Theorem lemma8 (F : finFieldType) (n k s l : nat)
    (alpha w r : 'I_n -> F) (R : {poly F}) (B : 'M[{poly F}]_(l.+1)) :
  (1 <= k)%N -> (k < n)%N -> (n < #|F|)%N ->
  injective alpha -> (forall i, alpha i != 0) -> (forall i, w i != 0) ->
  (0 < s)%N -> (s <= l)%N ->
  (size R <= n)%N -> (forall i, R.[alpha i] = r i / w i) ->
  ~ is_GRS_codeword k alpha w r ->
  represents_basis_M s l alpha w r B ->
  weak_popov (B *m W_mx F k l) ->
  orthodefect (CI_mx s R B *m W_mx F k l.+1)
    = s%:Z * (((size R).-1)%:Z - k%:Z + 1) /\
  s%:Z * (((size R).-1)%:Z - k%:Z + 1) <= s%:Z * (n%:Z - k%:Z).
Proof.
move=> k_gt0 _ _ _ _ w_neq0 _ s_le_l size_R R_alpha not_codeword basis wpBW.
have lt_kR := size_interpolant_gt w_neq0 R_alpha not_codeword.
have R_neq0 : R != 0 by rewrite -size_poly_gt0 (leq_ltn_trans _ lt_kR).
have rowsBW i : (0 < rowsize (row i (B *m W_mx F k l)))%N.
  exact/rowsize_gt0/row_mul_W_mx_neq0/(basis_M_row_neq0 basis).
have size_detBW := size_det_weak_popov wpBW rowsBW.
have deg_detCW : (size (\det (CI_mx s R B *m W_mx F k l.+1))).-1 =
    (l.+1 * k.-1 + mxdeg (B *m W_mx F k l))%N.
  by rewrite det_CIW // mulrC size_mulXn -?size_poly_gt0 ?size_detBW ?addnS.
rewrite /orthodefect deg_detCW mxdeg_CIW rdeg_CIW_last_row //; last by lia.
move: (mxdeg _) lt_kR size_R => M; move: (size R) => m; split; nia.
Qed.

TASK OBJECTIVE — Say how many lines of the listing above contain "orthodefect". Include nothing besides the number.

TASK OUTPUT — 2